Unable to read .gz files in logstash

clash_of_clanss · June 16, 2018, 12:43pm

Hi,

I am trying to read .gz files in logstash input plugin but I can't read gunzip files in logstash. When I try to read those log files it throws error message like this,

A plugin had an unrecoverable error. Will restart this plugin.
Plugin: <LogStash::Inputs::File path=>["/test.txt"], start_position=>"beginning", sincedb_path=>"/dev/null", codec=><LogStash::Codecs::GzipLines charset=>"UTF-8">, stat_interval=>1, discover_interval=>15, sincedb_write_interval=>15, delimiter=>"\n">

Error: Object: application.log.2018-05-14-01.eradar-data-service-prod-1e-5af1c225.us-east-1.amazon.com.gz is not a legal argument to this wrapper, cause it doesn't respond to "read". {:level=>:error}

LogStash.conf file:
file {
path => "/test.txt" (this file contains list of gunzip files)
start_position => "beginning"
sincedb_path => "/dev/null"
codec => "gzip_lines"
}

and also tried path => "/logfile.gz" directly but both are not working it throws same error message.
How to solve this problem, please share your solutions. I refered all the similar questions but none of the solutions solve my issue.

Thanks,

yaauie · June 18, 2018, 11:47pm

The path directive enables you to specify a glob-type path to files that will be read (e.g., application.log.*.gz).

clash_of_clanss · June 19, 2018, 4:43am

Sorry, I don't understand your solution. can you explain some more detail?
Thanks.

yaauie · June 19, 2018, 7:13pm

When you specify a path that matches a file, Logstash will attempt to ingest that file. Since you are giving a path to a plain-text file, and it is trying to read it with gzip, it fails. You need to give it a glob-style path that matches the files you want to ingest.

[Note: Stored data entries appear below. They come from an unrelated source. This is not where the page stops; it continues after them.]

(* Let $m\ge3$, $C$ a set of $m$ candidates, $T$ the set of all $m!$ strict rankings of $C$, $w=(w_1,\dots,w_m)$ with $1=w_1\ge\cdots\ge w_m=0$, and $\sigma_t(\alpha)=w_i$ where $i$ is the position of $\alpha$ in $t\in T$. Let $(N_t)_{t\in T}$ be nonnegative integers and $|\alpha|=\sum_tN_t\sigma_t(\alpha)$. Suppose $|a|>|\alpha|$ for all $\alpha\ne a$, and $b\ne a$ satisfies $|b|\ge|\alpha|$ for all $\alpha\ne a$. Let $\bar T_{ba}$ be the set of types ranking $b$ above $a$, $T_b$ the set of types ranking $b$ first, $T_i$ ($1\le i\le m-1$) the set of types ranking $b$ in position $i$ and $a$ in position $i+1$, and $T_{ba}=\bigcup_{i=1}^{m-1}T_i$. Let $Q_3(b)$ be the optimal value (or $+\infty$ if infeasible) of: minimize $\sum_{t\in\bar T_{ba}}x_t$ subject to $$\sum_{t\in T_b}y_t(1-\sigma_t(\alpha))-\sum_{t\in\bar T_{ba}}x_t(\sigma_t(b)-\sigma_t(\alpha))\ge|\alpha|-|b|\quad\forall\alpha\ne b,$$ $\sum_{t\in T_b}y_t=\sum_{t\in\bar T_{ba}}x_t$, $x_t\ge0$, $y_t\ge0$ (real variables). Let $Q$ be the optimal value (or $+\infty$ if infeasible) of the same linear program with $\bar T_{ba}$ replaced by $T_{ba}$ throughout (in the objective, in the constraints, and in the index set of the variables $x_t$). Then $Q_3(b)=Q$. *)

From HB Require Import structures.
From mathcomp Require Import all_boot all_order all_algebra.
From mathcomp Require Import all_classical all_reals ereal.
Set Implicit Arguments. Unset Strict Implicit. Unset Printing Implicit Defensive.
Import Order.TTheory GRing.Theory Num.Theory.
Local Open Scope ring_scope.
Local Open Scope classical_set_scope.

Section Voting.
Variables (R : realType) (C : finType) (m : nat).

(* A strict ranking of C: an injective map candidate -> position (0-indexed,
   position 0 = top).  Since #|C| = m these are exactly the m! bijections. *)
Definition ranking := {ffun C -> 'I_m}.
Definition rankings : {set ranking} := [set t : ranking | injectiveb t].

(* weight vector w : nat -> R, w i = paper's w_{i+1} *)
Definition sigma (w : nat -> R) (t : ranking) (al : C) : R := w (t al).

Definition score (w : nat -> R) (N : ranking -> nat) (al : C) : R :=
  \sum_(t in rankings) (N t)%:R * sigma w t al.

Definition Tbar_ba (a b : C) : {set ranking} :=
  [set t in rankings | (t b < t a)%N].
Definition T_b (b : C) : {set ranking} :=
  [set t in rankings | (t b == 0 :> nat)].
(* T_i (paper, 1 <= i <= m-1): b in position i and a in position i+1;
   here indexed 0-based by i < m-1 : b at 0-based position i, a at i+1 *)
Definition T_i (a b : C) (i : nat) : {set ranking} :=
  [set t in rankings | (t b == i :> nat) && (t a == i.+1 :> nat)].
Definition T_ba (a b : C) : {set ranking} :=
  \bigcup_(i < m.-1) T_i a b i.

Definition LPfeasible (w : nat -> R) (N : ranking -> nat) (a b : C)
    (S : {set ranking}) (x y : ranking -> R) : Prop :=
  [/\ forall al, al != b ->
        \sum_(t in T_b b) y t * (1 - sigma w t al)
        - \sum_(t in S) x t * (sigma w t b - sigma w t al)
        >= score w N al - score w N b,
      \sum_(t in T_b b) y t = \sum_(t in S) x t,
      forall t, t \in S -> 0 <= x t &
      forall t, t \in T_b b -> 0 <= y t].

(* optimal value (infimum; +oo if infeasible) *)
Definition LPvalue (w : nat -> R) (N : ranking -> nat) (a b : C)
    (S : {set ranking}) : \bar R :=
  ereal_inf [set z : \bar R | exists x y, LPfeasible w N a b S x y /\
                               z = (\sum_(t in S) x t)%:E].

End Voting.

From HB Require Import structures.
From mathcomp Require Import all_boot all_order all_algebra.
From mathcomp Require Import all_classical all_reals ereal.
From mathcomp Require Import zify lra.
Set Implicit Arguments. Unset Strict Implicit. Unset Printing Implicit Defensive.
Import Order.TTheory GRing.Theory Num.Theory.
Local Open Scope ring_scope.

(** Since [T_ba] is contained in [Tbar_ba], a feasible point of the
    [T_ba]-program extends by zero to one of the [Tbar_ba]-program.
    Conversely, a type ranking b above a is sent into [T_ba] by moving b
    down to the position just above a, the candidates in between moving up
    by one.  This does not increase [sigma_t(b) - sigma_t(al)] for any
    candidate al, so pushing the mass [x_t] forward along this map preserves
    feasibility and the objective. *)

Definition slide (i j k : nat) : nat := if (i < k < j)%N then k.-1 else k.

Lemma slide_inj i j k l : k != i -> l != i -> slide i j k = slide i j l -> k = l.
Proof. by rewrite /slide; do 2 case: ifP; lia. Qed.

Lemma slide_neq_pred i j k : (i < j)%N -> k != i -> slide i j k != j.-1.
Proof. by rewrite /slide; case: ifP; lia. Qed.

Lemma slide_gap (R : realDomainType) (w : nat -> R) n i j k :
  (forall p q : nat, (p <= q)%N -> (q < n)%N -> w q <= w p) ->
  (i < j < n)%N -> (k < n)%N -> w j.-1 - w (slide i j k) <= w i - w k.
Proof.
move=> w_dec /andP[lt_ij lt_jn] lt_kn; rewrite /slide.
case: ifP => [/andP[lt_ik lt_kj]|_].
- have : w j.-1 <= w k.-1 by apply: w_dec; lia.
  have : w k <= w i by apply: w_dec; lia.
  lra.
- suff : w j.-1 <= w i by lra.
  by apply: w_dec; lia.
Qed.

Definition ord_predn {m} (k : 'I_m) : 'I_m :=
  Ordinal (leq_ltn_trans (leq_pred k) (ltn_ord k)).

Section MoveNextTo.
Variables (C : finType) (m : nat) (a b : C).

Definition move_next_to (t : ranking C m) : ranking C m :=
  [ffun c => if c == b then ord_predn (t a)
             else if (t b < t c < t a)%N then ord_predn (t c) else t c].

Lemma move_next_toE t c :
  val (move_next_to t c) = if c == b then (t a).-1 else slide (t b) (t a) (t c).
Proof. by rewrite ffunE /slide; case: ifP => //; case: ifP. Qed.

Lemma move_next_to_injective (t : ranking C m) :
  injective t -> (t b < t a)%N -> injective (move_next_to t).
Proof.
move=> t_inj ltba.
have t_neq_b c : c != b -> (t c : nat) != t b.
  by move=> ncb; apply: contra ncb => /eqP/val_inj/t_inj ->.
move=> c1 c2 /(congr1 val); rewrite !move_next_toE.
case: (eqVneq c1 b) => [->|n1]; case: (eqVneq c2 b) => [->|n2] // E.
- by move: (slide_neq_pred ltba (t_neq_b _ n2)); rewrite -E eqxx.
- by move: (slide_neq_pred ltba (t_neq_b _ n1)); rewrite E eqxx.
- by apply/t_inj/val_inj; exact: slide_inj (t_neq_b _ n1) (t_neq_b _ n2) E.
Qed.

Hypothesis neq_ba : b != a.

Lemma move_next_to_T_ba t : t \in Tbar_ba m a b -> move_next_to t \in T_ba m a b.
Proof.
rewrite !inE => /andP[/injectiveP t_inj ltba].
have lt_pred : ((t a).-1 < m.-1)%N by have := ltn_ord (t a); lia.
apply/bigcupP; exists (Ordinal lt_pred) => //.
rewrite !inE !move_next_toE eqxx [a == b]eq_sym (negbTE neq_ba) /slide ltnn andbF /=.
rewrite (ltn_predK ltba) !eqxx !andbT.
by apply/injectiveP; apply: move_next_to_injective t_inj ltba.
Qed.

Lemma sigma_gap_move_next_to (R : realType) (w : nat -> R) t al :
  (forall i j : nat, (i <= j)%N -> (j < m)%N -> w j <= w i) ->
  t \in Tbar_ba m a b -> al != b ->
  sigma w (move_next_to t) b - sigma w (move_next_to t) al
    <= sigma w t b - sigma w t al.
Proof.
move=> w_dec; rewrite inE => /andP[_ ltba] nalb.
rewrite /sigma !move_next_toE eqxx (negbTE nalb).
by apply: slide_gap w_dec _ (ltn_ord _); rewrite ltba ltn_ord.
Qed.

Lemma T_ba_sub : T_ba m a b \subset Tbar_ba m a b.
Proof.
apply/fintype.subsetP => t /bigcupP[i _]; rewrite !inE => /and3P[-> /eqP-> /eqP->].
by rewrite ltnSn.
Qed.

End MoveNextTo.

Section LPTransfer.
Variables (R : realType) (C : finType) (m : nat).
Variables (w : nat -> R) (N : ranking C m -> nat) (a b : C).

Lemma sum_extend_by_zero (S S' : {set ranking C m}) (F : ranking C m -> R) :
  S \subset S' ->
  \sum_(t in S') (if t \in S then F t else 0) = \sum_(t in S) F t.
Proof.
move=> sSS'; rewrite -big_mkcondr; apply: eq_bigl => t.
by case: (boolP (t \in S)) => [/(fintype.subsetP sSS') ->|_]; rewrite ?andbF.
Qed.

Lemma LPfeasible_extend_by_zero (S S' : {set ranking C m}) x y :
  S \subset S' -> LPfeasible w N a b S x y ->
  LPfeasible w N a b S' (fun t => if t \in S then x t else 0) y.
Proof.
move=> sSS' [ineq eq x_ge0 y_ge0].
have extend F : \sum_(t in S') (if t \in S then x t else 0) * F t
                = \sum_(t in S) x t * F t.
  rewrite -(sum_extend_by_zero _ sSS'); apply: eq_bigr => t _.
  by case: ifP; rewrite ?mul0r.
split=> //.
- by move=> al nalb; rewrite extend; apply: ineq.
- by rewrite eq sum_extend_by_zero.
- by move=> t _; case: ifP => // /x_ge0.
Qed.

Variables (S S' : {set ranking C m}) (f : ranking C m -> ranking C m).
Hypothesis f_in : {in S', forall t, f t \in S}.

Definition pushforward (x : ranking C m -> R) (j : ranking C m) : R :=
  \sum_(t in S' | f t == j) x t.

Lemma sum_pushforward (x F : ranking C m -> R) :
  \sum_(t in S') x t * F (f t) = \sum_(j in S) pushforward x j * F j.
Proof.
rewrite (partition_big f (mem S)) //; apply: eq_bigr => j _.
by rewrite mulr_suml; apply: eq_bigr => t /andP[_ /eqP->].
Qed.

Lemma sum_pushforward1 (x : ranking C m -> R) :
  \sum_(t in S') x t = \sum_(j in S) pushforward x j.
Proof.
exact: partition_big.
Qed.

Hypothesis f_gap : {in S', forall t al, al != b ->
  sigma w (f t) b - sigma w (f t) al <= sigma w t b - sigma w t al}.

Lemma LPfeasible_pushforward x y :
  LPfeasible w N a b S' x y -> LPfeasible w N a b S (pushforward x) y.
Proof.
move=> [ineq eq x_ge0 y_ge0]; split=> //.
- move=> al nalb; apply: le_trans (ineq al nalb) _.
  rewrite lerD2l lerN2 -(sum_pushforward x (fun j => sigma w j b - sigma w j al)).
  by apply: ler_sum => t St; rewrite ler_wpM2l ?x_ge0 ?f_gap.
- by rewrite eq sum_pushforward1.
- by move=> j _; apply: sumr_ge0 => t /andP[/x_ge0].
Qed.

Lemma LPvalue_retract : S \subset S' -> LPvalue w N a b S' = LPvalue w N a b S.
Proof.
move=> sSS'; congr ereal_inf; apply/seteqP; split=> _ [x [y [feas ->]]].
- exists (pushforward x), y; split; first exact: LPfeasible_pushforward.
  by rewrite sum_pushforward1.
- exists (fun t => if t \in S then x t else 0), y.
  by rewrite sum_extend_by_zero //; split=> //; apply: LPfeasible_extend_by_zero.
Qed.

End LPTransfer.

Theorem proposition8 (R : realType) (C : finType) (m : nat)
  (hm : (3 <= m)%N) (hC : #|C| = m)
  (w : nat -> R) (hw1 : w 0%N = 1) (hwm : w m.-1 = 0)
  (hwdec : forall i j : nat, (i <= j)%N -> (j < m)%N -> w j <= w i)
  (N : ranking C m -> nat) (a b : C)
  (ha : forall al : C, al != a -> score w N al < score w N a)
  (hba : b != a)
  (hb : forall al : C, al != a -> score w N al <= score w N b) :
  LPvalue w N a b (@Tbar_ba C m a b) = LPvalue w N a b (@T_ba C m a b).
Proof.
apply: (LPvalue_retract N a (move_next_to_T_ba hba)).
- by move=> t Tt al; apply: sigma_gap_move_next_to.
- exact: T_ba_sub.
Qed.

clash_of_clanss · June 20, 2018, 5:48am

I also tried that method but it does not work again same error message.

guyboertje · June 21, 2018, 8:13am

If you use the latest file input v4.1.3 you can read gz files directly without the GzipLines codec.
Here is a simple test config:

input {
    file {
        path => "/Users/guy/tmp/testing/logs/pan*.gz"
        sincedb_path => "/Users/guy/tmp/testing/gz-local-read-file-mode.sdb"
        discover_interval => 40
        stat_interval => 0.1
        mode => "read"
        file_completed_action => "log"
        file_completed_log_path => "/Users/guy/tmp/testing/gz-local-read-file-mode-completed.log"
        file_sort_by => "path"
    }
}

output {
  stdout { codec => dots }
}

clash_of_clanss · June 22, 2018, 7:49am

My Logstash version - 2.1.0

Christian_Dahlqvist · June 22, 2018, 7:51am

That is a very old version. I would recommend that you upgrade.

Mormaii · July 12, 2018, 5:28pm

Is there a recommended way to process around 100,000 files without having logstash die?

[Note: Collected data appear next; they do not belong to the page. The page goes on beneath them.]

(* Each factor is removed by [is_RInt_factor], at
   the price of adding its root -d/c as a new lower or upper bound. *)
Lemma A_integral_factors (fs : list (tfactor m k)) :
  (forall f, List.In f fs -> tfactor_ok f) ->
  forall ls us, (forall l, List.In l ls -> is_end l) -> (forall u, List.In u us -> is_end u) ->
  exists V, in_A V /\ forall t x,
    is_RInt (fun s => window e (evl ls t x) (evl us t x) s * Pi fs t x s) a b (V t x).
Proof.
elim: fs => [|[S c d] fs IH] Hfs ls us Hls Hus.
  exists (fun t x => Phi e (List.fold_right (ext_op true) a (evl ls t x))
                           (List.fold_right (ext_op false) b (evl us t x))).
  split; first exact: A_Phi.
  move=> t x; apply: is_RInt_ext (is_RInt_window (e := e) (ls := evl ls t x)
    (us := evl us t x) hab) => s _.
  by rewrite /Pi /prodl /=; ring.
have [/= Hc Hd] : tfactor_ok (TFactor S c d) by apply: Hfs; left.
have {}Hfs : forall f, List.In f fs -> tfactor_ok f by move=> f h; apply: Hfs; right.
pose p t x := - d t x * inv (c t).
have Ep : is_end p by exists (fun t x => - d t x), c; split; [exact: aff_opp Hd | split].
have [V0 [HV0 I0]] := IH Hfs ls us Hls Hus.
have [V1 [HV1 I1]] := IH Hfs (p :: ls) us (fun l h => ltac:(case: h => [<-|]; auto)) Hus.
have [V2 [HV2 I2]] := IH Hfs ls (p :: us) Hls (fun u h => ltac:(case: h => [<-|]; auto)).
have Hc0 : in_A (fun t (x : vec k) => Defs.ind IZero (c t)).
  by apply: A_ind; apply: aff_poly.
have Hcp : in_A (fun t (x : vec k) => Defs.ind IPos (c t)).
  by apply: A_ind; apply: aff_poly.
have Hcn : in_A (fun t (x : vec k) => Defs.ind IPos (- c t)).
  by apply: A_ind; apply: aff_opp; apply: aff_poly.
have Hd0 : in_A (fun t x => Defs.ind S (d t x)) by apply: A_ind.
exists (fun t x => Defs.ind IZero (c t) * Defs.ind S (d t x) * V0 t x
  + nz_set S * (Defs.ind IPos (c t) * V1 t x + Defs.ind IPos (- c t) * V2 t x)).
split.
  exact: A_add (A_mul (A_mul Hc0 Hd0) HV0)
    (A_scal _ (A_add (A_mul Hcp HV1) (A_mul Hcn HV2))).
move=> t x; set G := fun s => window e (evl ls t x) (evl us t x) s * Pi fs t x s.
have J1 : is_RInt (fun s => lt_ind (p t x) s * G s) a b (V1 t x).
  by apply: is_RInt_ext (I1 t x) => s _; rewrite /G /= window_low; ring.
have J2 : is_RInt (fun s => lt_ind s (p t x) * G s) a b (V2 t x).
  by apply: is_RInt_ext (I2 t x) => s _; rewrite /G /= window_up; ring.
apply: is_RInt_ext (is_RInt_factor (S := S) hab (I0 t x) J1 J2) => s _.
by rewrite /G /Pi /eval_tfactor /=; ring.
Qed.

End IntegrateFactors.

Definition restrict_factor m k (cf : factor m k.+1) : tfactor m k :=
  TFactor (f_set cf) (f_P cf ord_max)
    (affine_form (f_P0 cf) (fun j => f_P cf (widen_ord (leqnSn k) j))).

Lemma restrict_factor_ok m k (cf : factor m k.+1) :
  factor_ok cf -> tfactor_ok (restrict_factor cf).
Proof.
move=> [H0 HP]; split=> //=.
by exists (f_P0 cf), (fun j => f_P cf (widen_ord (leqnSn k) j)).
Qed.

Lemma restrict_factors_prod m k (cs : list (factor m k.+1)) t x s :
  List.fold_right Rmult 1 (map (fun c => eval_factor c t (snoc x s)) cs)
  = Pi (map (@restrict_factor m k) cs) t x s.
Proof.
elim: cs => [|cf cs IH] //=.
by rewrite IH /eval_factor affine_snoc.
Qed.

Section IntegrateGenerators.
Variables (m k : nat) (a b : R).
Hypothesis hab : a <= b.

(* A rational function of theta times a polynomial in (x, s) times factors:
   expand the polynomial in powers of s and integrate monomial by monomial. *)
Lemma A_integral_poly_factors (Rf : vec m -> R) (fs : list (tfactor m k)) l :
  is_rat Rf -> (forall f, List.In f fs -> tfactor_ok f) -> all_poly l ->
  exists W, in_A W /\ forall t x,
    is_RInt (fun s => Rf t * pexp l x s * Pi fs t x s) a b (W t x).
Proof.
move=> HR Hfs; elim: l => [|[q e] l IH] Hl.
  exists (fun _ _ => 0); split; first exact: A_const.
  move=> t x; apply: (is_RInt_null_off (ps := nil)) => // s _ _.
  by rewrite /pexp /sumL /=; ring.
have Hq : is_poly q by apply: (Hl (q, e)); left.
have [W [HW IW]] := IH (fun qe h => Hl qe (or_intror h)).
have [V [HV IV]] := A_integral_factors e hab Hfs (ls := nil) (us := nil)
  (fun _ h => False_ind _ h) (fun _ h => False_ind _ h).
exists (fun t x => Rf t * q x * V t x + W t x); split.
  exact: A_add (A_mul (A_rat_poly HR Hq) HV) HW.
move=> t x.
have H := is_RInt_plus _ _ _ _ _ _ (is_RInt_scal _ _ _ (Rf t * q x) _ (IV t x)) (IW t x).
apply: is_RInt_ext H => s _.
by rewrite /plus /scal /= /mult /= /pexp /sumL /window /lows /ups /=; ring.
Qed.

Lemma A_integral_generator (g : vec m -> vec k.+1 -> R) : is_generator g ->
  exists V, in_A V /\ forall t x, is_RInt (fun s => g t (snoc x s)) a b (V t x).
Proof.
move=> [Rf [Q [cs [HR [HQ [_ [Hcs Hg]]]]]]].
have [l [Hl EQ]] := poly_snoc HQ.
have Hfs : forall f, List.In f (map (@restrict_factor m k) cs) -> tfactor_ok f.
  move=> f hf; have [cf [<- hcf]] := in_map_inv hf.
  exact: restrict_factor_ok (Hcs cf hcf).
have [W [HW IW]] := A_integral_poly_factors HR Hfs Hl.
exists W; split=> // t x.
apply: is_RInt_ext (IW t x) => s _.
by rewrite Hg EQ restrict_factors_prod.
Qed.

Lemma A_integral_last (f : vec m -> vec k.+1 -> R) : in_A f ->
  exists V, in_A V /\ forall t x, is_RInt (fun s => f t (snoc x s)) a b (V t x).
Proof.
elim=> {f} [|g /A_integral_generator //|f1 f2 _ [V1 [H1 I1]] _ [V2 [H2 I2]]
           |c f1 _ [V1 [H1 I1]]|f1 f2 _ [V1 [H1 I1]] E].
- exists (fun _ _ => 0); split; first exact: A_const.
  by move=> t x; apply: (is_RInt_null_off (ps := nil)).
- exists (fun t x => V1 t x + V2 t x); split; first exact: A_add.
  by move=> t x; exact: is_RInt_plus (I1 t x) (I2 t x).
- exists (fun t x => c * V1 t x); split; first exact: A_scal.
  by move=> t x; exact: is_RInt_scal (I1 t x).
- exists V1; split=> // t x.
  by apply: is_RInt_ext (I1 t x) => s _; rewrite E.
Qed.

End IntegrateGenerators.

Theorem proposition4p8 (m k : nat) (a b : R) (f : vec m -> vec k.+1 -> R) :
  (0 < m)%nat -> (a < b)%R -> in_A f ->
  in_A (fun (theta : vec m) (x : vec k) => RInt (fun t => f theta (snoc x t)) a b).
Proof.
move=> _ hab Hf.
have [V [HV IV]] := A_integral_last (Rlt_le _ _ hab) Hf.
apply: A_ext HV _ => t x.
by rewrite (is_RInt_unique _ _ _ _ (IV t x)).
Qed.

guyboertje · July 16, 2018, 12:27pm

Not yet. I have some experimental code that "feeds" batches of discovered files to the processing stage but it is not ready yet.

I hope that you are not tailing hundreds of thousands of files.

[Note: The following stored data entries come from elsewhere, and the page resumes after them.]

Lemma declared_set_pathA l d g : g \in T_edges l ->
  declared (set_pathA d) g -> declared d g \/ g = (Troot 1, Pv 1, 3).
Proof. by case/T_edgesP => [||||i a _ _|i a b _ _ _|y _|y _|y _] /=; auto. Qed.
Lemma declared_set_pathB l d g : g \in T_edges l ->
  declared (set_pathB d) g -> declared d g \/ g = (Pv 1, Vv 0, 2).
Proof. by case/T_edgesP => [||||i a _ _|i a b _ _ _|y _|y _|y _] /=; auto. Qed.
Lemma declared_set_pathC l d g : g \in T_edges l ->
  declared (set_pathC d) g -> declared d g \/ g = (Vv 0, Pv 3, 2).
Proof. by case/T_edgesP => [||||i a _ _|i a b _ _ _|y _|y _|y _] /=; auto. Qed.
Lemma declared_set_pathD l d g : g \in T_edges l ->
  declared (set_pathD d) g -> declared d g \/ g = (Pv 3, Troot 2, 3).
Proof. by case/T_edgesP => [||||i a _ _|i a b _ _ _|y _|y _|y _] /=; auto. Qed.
Lemma declared_unset_pathA l d g : g \in T_edges l ->
  declared (unset_pathA d) g -> declared d g.
Proof. by case/T_edgesP => [||||i a _ _|i a b _ _ _|y _|y _|y _] /=. Qed.

Lemma declared_set_pend0 l d g : g \in T_edges l -> declared (set_pend0 d) g ->
  declared d g \/ g = (Vv (front d), Pend (front d) 0, (front d %% 3).+1).
Proof.
case/T_edgesP => [||||i a _ _|i a b _ _ _|y _|y _|y _] /=; auto.
by case/orP=> [H|/andP[/eqP E _]]; [left; rewrite H|right; rewrite E].
Qed.

Lemma declared_set_pend1 l d g : g \in T_edges l -> declared (set_pend1 d) g ->
  declared d g \/ g = (Vv (front d), Pend (front d) 1, ((front d - 1) %% 3).+1).
Proof.
case/T_edgesP => [||||i a _ _|i a b _ _ _|y _|y _|y _] /=; auto.
by case/orP=> [H|/andP[/eqP E _]]; [left; rewrite H|right; rewrite E].
Qed.

Lemma declared_retreat l d y g : front d = y.+1 -> (y.+1 <= l -> pend0 d && pend1 d) ->
  g \in T_edges l -> declared (retreat d) g -> declared d g \/ g = (Vv y, Vv y.+1, (y %% 3).+1).
Proof.
move=> Ef pends; case/T_edgesP => [||||i a _ _|i a b _ _ _|z Hz|z Hz|z Hz] /=; auto;
  rewrite Ef /=.
- by rewrite leq_eqVlt => /orP[/eqP E|H]; [right; rewrite E|left].
- move=> /orP[H|/andP[_ //]]; left; case: (ltngtP y.+1 z) => E //; first lia.
  by have /andP[-> _] : pend0 d && pend1 d by apply: pends; lia.
- move=> /orP[H|/andP[_ //]]; left; case: (ltngtP y.+1 z) => E //; first lia.
  by have /andP[_ ->] : pend0 d && pend1 d by apply: pends; lia.
Qed.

clash_of_clanss · July 16, 2018, 12:29pm

Hi,

I can't read gzip files after updating file input plugin.

Thanks,
Arun

guyboertje · July 16, 2018, 12:57pm

The file input at v4.1.X has test file fixtures and test that verify the code can read gz files - these fixtures, test and the actual zipfile reading code are identical to the S3 input gz reading implementation.

You are experiencing a different outcome - perhaps because you have some differences in your setup. You will need to uncover what these are before anyone can help.

If the LS logs show some errors or logging lines to do with filewatch.readmode.handlers.readzipfilethen post them here.

Have you tested a fresh file gzipped with tar cvzf somefile.gz /some/pathto/somefile.x?

clash_of_clanss · July 16, 2018, 1:11pm

Hi,

I am not reading logs from S3. so is it okay?

system · August 13, 2018, 1:11pm

This topic was automatically closed 28 days after the last reply. New replies are no longer allowed.